> _ASSIGNMENT_:
Check each line of the material that follows, and copy those holding the string "Falpha".

--- START ---

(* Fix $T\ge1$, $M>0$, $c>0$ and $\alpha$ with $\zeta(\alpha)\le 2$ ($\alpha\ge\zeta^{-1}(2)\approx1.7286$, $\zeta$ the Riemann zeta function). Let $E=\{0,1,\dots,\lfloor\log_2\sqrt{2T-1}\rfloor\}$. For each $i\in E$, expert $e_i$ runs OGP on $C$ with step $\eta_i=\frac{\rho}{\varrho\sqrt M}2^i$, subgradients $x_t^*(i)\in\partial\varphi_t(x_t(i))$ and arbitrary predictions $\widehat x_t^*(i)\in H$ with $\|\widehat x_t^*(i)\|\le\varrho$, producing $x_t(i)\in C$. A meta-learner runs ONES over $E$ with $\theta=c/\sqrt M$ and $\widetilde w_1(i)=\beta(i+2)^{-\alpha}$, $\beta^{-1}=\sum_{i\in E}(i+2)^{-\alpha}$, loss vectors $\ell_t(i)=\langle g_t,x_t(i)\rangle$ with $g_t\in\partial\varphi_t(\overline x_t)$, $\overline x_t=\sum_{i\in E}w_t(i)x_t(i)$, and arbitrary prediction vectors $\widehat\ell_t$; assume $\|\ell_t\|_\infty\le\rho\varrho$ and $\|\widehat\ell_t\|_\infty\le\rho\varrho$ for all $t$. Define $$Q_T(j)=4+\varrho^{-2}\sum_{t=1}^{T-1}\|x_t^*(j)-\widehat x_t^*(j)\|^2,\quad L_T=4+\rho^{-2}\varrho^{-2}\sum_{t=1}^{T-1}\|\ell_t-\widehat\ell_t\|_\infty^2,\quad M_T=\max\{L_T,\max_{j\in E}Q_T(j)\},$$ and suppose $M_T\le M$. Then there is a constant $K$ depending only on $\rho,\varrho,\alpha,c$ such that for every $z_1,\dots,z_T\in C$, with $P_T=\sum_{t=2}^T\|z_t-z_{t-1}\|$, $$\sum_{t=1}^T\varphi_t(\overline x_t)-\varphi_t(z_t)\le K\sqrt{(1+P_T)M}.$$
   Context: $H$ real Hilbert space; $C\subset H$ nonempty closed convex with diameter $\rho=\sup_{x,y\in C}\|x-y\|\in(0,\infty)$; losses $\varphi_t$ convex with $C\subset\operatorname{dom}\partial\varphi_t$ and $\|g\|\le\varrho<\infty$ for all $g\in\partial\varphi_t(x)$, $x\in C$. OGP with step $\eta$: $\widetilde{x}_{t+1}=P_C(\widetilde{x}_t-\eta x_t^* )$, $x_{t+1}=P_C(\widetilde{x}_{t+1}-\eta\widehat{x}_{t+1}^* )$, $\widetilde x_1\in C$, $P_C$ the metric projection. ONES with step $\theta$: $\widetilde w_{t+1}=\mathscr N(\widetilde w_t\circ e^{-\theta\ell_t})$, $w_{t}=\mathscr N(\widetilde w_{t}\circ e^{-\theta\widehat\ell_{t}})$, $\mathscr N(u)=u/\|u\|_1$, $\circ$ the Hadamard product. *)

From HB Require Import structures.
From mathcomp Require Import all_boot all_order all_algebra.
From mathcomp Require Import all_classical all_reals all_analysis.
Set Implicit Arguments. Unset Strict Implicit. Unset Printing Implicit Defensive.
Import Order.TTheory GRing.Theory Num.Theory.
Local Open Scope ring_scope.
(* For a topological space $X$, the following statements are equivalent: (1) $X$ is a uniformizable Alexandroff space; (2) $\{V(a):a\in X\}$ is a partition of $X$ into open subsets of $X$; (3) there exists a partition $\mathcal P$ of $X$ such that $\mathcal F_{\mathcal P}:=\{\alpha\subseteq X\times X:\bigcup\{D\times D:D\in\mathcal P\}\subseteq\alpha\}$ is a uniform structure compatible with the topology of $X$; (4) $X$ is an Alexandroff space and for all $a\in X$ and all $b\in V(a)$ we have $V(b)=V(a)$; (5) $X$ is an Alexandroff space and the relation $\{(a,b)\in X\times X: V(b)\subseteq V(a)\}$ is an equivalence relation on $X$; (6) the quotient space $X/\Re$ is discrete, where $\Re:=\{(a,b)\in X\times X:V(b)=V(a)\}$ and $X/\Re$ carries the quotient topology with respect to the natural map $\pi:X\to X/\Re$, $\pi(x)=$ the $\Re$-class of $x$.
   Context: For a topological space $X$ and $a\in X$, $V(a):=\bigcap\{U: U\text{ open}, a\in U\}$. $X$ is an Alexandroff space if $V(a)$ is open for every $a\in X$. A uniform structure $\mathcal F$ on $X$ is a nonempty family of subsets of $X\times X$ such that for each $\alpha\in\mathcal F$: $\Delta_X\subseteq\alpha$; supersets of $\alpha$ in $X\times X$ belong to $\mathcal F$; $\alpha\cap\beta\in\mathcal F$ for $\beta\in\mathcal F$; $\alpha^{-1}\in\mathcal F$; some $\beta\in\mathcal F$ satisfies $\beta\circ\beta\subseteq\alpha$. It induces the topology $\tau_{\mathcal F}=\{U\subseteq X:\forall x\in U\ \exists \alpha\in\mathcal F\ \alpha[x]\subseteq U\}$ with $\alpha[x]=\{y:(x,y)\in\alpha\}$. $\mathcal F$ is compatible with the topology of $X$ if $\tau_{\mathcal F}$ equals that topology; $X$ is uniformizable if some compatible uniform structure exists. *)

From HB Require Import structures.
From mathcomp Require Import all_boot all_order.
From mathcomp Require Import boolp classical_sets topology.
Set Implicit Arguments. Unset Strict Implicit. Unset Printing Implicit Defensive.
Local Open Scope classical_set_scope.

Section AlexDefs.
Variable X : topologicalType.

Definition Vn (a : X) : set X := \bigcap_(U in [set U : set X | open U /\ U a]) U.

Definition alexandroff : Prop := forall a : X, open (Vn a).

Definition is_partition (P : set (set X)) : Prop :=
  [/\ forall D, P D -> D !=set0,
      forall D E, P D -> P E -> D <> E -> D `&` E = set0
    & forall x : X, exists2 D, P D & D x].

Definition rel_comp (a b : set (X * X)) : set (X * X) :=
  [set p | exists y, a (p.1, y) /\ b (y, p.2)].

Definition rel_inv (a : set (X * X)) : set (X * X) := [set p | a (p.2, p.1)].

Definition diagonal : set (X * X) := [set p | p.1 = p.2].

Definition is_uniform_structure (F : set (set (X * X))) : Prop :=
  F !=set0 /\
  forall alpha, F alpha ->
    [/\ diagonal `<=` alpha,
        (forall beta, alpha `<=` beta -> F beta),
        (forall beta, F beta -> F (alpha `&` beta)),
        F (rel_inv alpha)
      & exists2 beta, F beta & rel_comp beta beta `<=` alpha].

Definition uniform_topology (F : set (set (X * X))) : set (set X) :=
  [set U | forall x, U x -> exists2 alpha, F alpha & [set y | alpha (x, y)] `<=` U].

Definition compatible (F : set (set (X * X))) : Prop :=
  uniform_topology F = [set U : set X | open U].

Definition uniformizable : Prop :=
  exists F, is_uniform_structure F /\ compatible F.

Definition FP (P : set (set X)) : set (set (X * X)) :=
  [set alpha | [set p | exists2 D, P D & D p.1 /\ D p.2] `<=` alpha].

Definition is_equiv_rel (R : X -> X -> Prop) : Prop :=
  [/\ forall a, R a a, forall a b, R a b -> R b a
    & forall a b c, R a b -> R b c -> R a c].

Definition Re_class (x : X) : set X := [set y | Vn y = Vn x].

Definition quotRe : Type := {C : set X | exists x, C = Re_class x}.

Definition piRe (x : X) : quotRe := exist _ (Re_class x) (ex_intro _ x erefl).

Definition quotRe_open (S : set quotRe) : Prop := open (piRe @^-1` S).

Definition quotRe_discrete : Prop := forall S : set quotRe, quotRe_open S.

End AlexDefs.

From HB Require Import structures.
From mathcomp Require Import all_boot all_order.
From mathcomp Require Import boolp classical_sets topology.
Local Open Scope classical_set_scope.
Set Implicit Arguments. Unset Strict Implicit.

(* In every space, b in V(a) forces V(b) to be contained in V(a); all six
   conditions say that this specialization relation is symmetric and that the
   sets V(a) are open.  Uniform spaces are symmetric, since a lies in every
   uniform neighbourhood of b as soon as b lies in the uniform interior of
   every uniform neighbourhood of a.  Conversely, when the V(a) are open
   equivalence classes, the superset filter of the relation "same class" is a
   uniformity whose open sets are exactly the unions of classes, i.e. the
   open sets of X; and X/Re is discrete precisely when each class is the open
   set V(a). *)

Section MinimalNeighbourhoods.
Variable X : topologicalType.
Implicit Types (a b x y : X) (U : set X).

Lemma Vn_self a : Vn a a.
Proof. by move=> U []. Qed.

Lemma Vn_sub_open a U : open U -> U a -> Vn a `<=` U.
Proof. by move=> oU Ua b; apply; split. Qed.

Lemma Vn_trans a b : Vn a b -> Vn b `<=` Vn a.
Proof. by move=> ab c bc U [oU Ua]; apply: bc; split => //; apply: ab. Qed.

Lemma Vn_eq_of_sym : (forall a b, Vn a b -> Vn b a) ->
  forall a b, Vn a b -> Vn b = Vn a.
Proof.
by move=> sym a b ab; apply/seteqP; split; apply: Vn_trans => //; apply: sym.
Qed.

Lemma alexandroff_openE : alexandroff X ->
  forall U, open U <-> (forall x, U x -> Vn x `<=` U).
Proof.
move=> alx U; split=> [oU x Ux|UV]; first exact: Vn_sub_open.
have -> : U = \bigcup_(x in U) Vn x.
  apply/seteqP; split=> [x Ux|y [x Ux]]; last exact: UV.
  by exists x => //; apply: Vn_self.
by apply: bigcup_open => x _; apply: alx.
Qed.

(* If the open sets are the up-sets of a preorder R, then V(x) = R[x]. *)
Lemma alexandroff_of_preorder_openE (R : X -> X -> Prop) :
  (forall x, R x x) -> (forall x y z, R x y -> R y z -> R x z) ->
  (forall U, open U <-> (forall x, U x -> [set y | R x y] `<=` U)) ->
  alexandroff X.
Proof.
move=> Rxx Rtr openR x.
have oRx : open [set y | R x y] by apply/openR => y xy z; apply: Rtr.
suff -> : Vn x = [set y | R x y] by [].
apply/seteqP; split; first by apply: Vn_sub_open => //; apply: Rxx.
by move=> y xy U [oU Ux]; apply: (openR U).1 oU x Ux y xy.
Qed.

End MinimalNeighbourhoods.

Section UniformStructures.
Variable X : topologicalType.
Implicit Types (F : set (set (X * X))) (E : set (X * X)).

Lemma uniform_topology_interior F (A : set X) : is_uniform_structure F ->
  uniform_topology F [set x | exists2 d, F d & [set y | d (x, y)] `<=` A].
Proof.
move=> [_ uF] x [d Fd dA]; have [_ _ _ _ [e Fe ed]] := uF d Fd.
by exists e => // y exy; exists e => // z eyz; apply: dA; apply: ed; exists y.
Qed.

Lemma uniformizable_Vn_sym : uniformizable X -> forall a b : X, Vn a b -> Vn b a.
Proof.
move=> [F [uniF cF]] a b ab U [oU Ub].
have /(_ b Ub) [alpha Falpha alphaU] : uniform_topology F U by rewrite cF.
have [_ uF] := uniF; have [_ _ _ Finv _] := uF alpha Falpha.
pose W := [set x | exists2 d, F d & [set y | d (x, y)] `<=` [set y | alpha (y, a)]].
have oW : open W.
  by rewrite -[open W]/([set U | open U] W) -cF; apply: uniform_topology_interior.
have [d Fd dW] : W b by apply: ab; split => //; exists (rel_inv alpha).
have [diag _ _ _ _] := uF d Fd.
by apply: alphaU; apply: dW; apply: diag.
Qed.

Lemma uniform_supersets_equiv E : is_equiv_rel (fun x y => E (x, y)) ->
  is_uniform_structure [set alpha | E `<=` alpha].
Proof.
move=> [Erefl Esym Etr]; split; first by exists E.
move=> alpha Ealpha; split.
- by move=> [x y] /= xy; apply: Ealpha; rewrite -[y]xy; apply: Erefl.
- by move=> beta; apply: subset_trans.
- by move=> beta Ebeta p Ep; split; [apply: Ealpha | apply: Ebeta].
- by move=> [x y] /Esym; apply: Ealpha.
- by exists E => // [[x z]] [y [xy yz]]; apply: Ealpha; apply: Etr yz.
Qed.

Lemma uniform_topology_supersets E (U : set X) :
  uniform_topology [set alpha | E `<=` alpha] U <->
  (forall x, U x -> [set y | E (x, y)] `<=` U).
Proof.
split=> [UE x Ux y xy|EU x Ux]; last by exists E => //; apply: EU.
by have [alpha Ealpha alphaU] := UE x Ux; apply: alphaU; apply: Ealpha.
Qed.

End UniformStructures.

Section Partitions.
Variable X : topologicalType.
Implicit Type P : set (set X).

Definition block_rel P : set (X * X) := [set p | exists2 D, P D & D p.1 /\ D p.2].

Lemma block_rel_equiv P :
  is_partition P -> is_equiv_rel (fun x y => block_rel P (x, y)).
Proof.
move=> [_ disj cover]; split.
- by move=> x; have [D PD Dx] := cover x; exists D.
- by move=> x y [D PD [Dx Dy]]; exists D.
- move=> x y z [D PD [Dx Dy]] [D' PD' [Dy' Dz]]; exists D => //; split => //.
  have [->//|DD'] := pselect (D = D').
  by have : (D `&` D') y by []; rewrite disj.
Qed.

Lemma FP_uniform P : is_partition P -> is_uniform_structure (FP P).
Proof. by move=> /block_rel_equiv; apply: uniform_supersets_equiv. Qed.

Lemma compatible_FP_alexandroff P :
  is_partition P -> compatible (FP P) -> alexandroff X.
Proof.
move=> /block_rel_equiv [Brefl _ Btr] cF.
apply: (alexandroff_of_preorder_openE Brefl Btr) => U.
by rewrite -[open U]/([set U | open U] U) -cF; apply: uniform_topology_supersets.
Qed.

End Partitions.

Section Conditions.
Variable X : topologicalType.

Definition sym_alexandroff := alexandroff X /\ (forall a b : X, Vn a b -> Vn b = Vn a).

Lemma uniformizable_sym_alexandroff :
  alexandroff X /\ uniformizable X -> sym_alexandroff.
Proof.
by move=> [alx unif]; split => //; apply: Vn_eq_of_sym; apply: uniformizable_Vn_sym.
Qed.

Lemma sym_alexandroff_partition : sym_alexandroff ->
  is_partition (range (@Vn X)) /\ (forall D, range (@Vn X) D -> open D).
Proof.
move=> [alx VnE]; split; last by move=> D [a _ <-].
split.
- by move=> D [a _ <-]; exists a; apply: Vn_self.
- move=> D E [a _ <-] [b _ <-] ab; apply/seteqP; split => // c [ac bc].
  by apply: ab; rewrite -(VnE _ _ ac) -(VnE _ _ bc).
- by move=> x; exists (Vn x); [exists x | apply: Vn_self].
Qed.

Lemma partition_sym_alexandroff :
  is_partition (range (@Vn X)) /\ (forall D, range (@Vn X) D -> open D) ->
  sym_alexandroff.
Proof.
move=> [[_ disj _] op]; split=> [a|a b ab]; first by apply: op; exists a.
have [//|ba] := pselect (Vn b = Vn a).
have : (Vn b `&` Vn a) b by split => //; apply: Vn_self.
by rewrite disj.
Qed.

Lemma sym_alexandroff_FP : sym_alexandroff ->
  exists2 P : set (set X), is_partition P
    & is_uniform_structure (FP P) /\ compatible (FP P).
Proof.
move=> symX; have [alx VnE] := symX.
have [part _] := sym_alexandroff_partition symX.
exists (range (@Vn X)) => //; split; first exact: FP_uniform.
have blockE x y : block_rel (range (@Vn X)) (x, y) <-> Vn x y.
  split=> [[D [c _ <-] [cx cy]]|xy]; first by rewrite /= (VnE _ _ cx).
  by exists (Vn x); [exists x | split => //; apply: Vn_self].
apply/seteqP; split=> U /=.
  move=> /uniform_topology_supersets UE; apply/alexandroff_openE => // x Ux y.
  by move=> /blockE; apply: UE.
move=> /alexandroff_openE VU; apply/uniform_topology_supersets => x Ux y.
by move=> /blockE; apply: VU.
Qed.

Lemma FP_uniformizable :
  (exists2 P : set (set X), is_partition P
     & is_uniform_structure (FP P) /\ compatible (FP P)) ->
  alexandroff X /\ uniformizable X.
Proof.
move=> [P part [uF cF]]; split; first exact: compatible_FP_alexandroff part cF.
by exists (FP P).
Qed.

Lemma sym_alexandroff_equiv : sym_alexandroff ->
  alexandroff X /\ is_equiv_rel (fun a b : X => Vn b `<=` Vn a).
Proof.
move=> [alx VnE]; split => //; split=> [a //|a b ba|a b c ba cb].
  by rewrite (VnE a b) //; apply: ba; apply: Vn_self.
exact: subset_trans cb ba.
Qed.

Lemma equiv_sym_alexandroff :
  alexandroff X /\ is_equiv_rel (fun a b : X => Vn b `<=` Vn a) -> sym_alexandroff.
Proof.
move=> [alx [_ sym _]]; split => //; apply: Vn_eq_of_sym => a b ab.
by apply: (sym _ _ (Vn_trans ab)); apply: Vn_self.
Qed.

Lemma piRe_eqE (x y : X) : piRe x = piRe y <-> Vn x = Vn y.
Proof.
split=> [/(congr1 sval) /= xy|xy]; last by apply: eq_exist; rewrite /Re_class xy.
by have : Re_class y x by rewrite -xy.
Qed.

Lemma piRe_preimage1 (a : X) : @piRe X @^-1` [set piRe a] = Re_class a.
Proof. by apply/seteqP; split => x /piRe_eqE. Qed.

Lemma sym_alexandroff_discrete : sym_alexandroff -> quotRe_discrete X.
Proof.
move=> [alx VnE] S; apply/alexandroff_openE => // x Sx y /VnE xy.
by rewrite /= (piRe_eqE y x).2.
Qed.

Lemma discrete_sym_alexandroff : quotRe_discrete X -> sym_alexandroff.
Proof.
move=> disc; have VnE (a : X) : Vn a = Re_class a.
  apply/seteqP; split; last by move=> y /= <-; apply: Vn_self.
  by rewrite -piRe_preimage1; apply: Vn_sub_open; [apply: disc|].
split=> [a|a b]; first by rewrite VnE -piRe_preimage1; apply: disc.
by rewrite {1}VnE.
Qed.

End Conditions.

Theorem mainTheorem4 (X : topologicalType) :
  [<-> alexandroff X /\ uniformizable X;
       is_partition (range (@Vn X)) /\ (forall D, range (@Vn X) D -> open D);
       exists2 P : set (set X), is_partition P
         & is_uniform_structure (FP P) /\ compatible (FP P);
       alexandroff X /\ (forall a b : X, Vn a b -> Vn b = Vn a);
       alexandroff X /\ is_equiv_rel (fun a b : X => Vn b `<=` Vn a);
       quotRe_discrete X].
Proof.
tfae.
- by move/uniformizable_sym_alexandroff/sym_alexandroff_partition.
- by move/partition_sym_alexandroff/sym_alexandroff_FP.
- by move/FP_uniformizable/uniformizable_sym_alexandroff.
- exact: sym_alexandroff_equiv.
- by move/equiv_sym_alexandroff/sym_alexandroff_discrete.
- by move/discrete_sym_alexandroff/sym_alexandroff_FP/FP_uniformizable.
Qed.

--- END ---

> _RESPONSE TO THIS TASK_:
have /(_ b Ub) [alpha Falpha alphaU] : uniform_topology F U by rewrite cF.
have [_ uF] := uniF; have [_ _ _ Finv _] := uF alpha Falpha.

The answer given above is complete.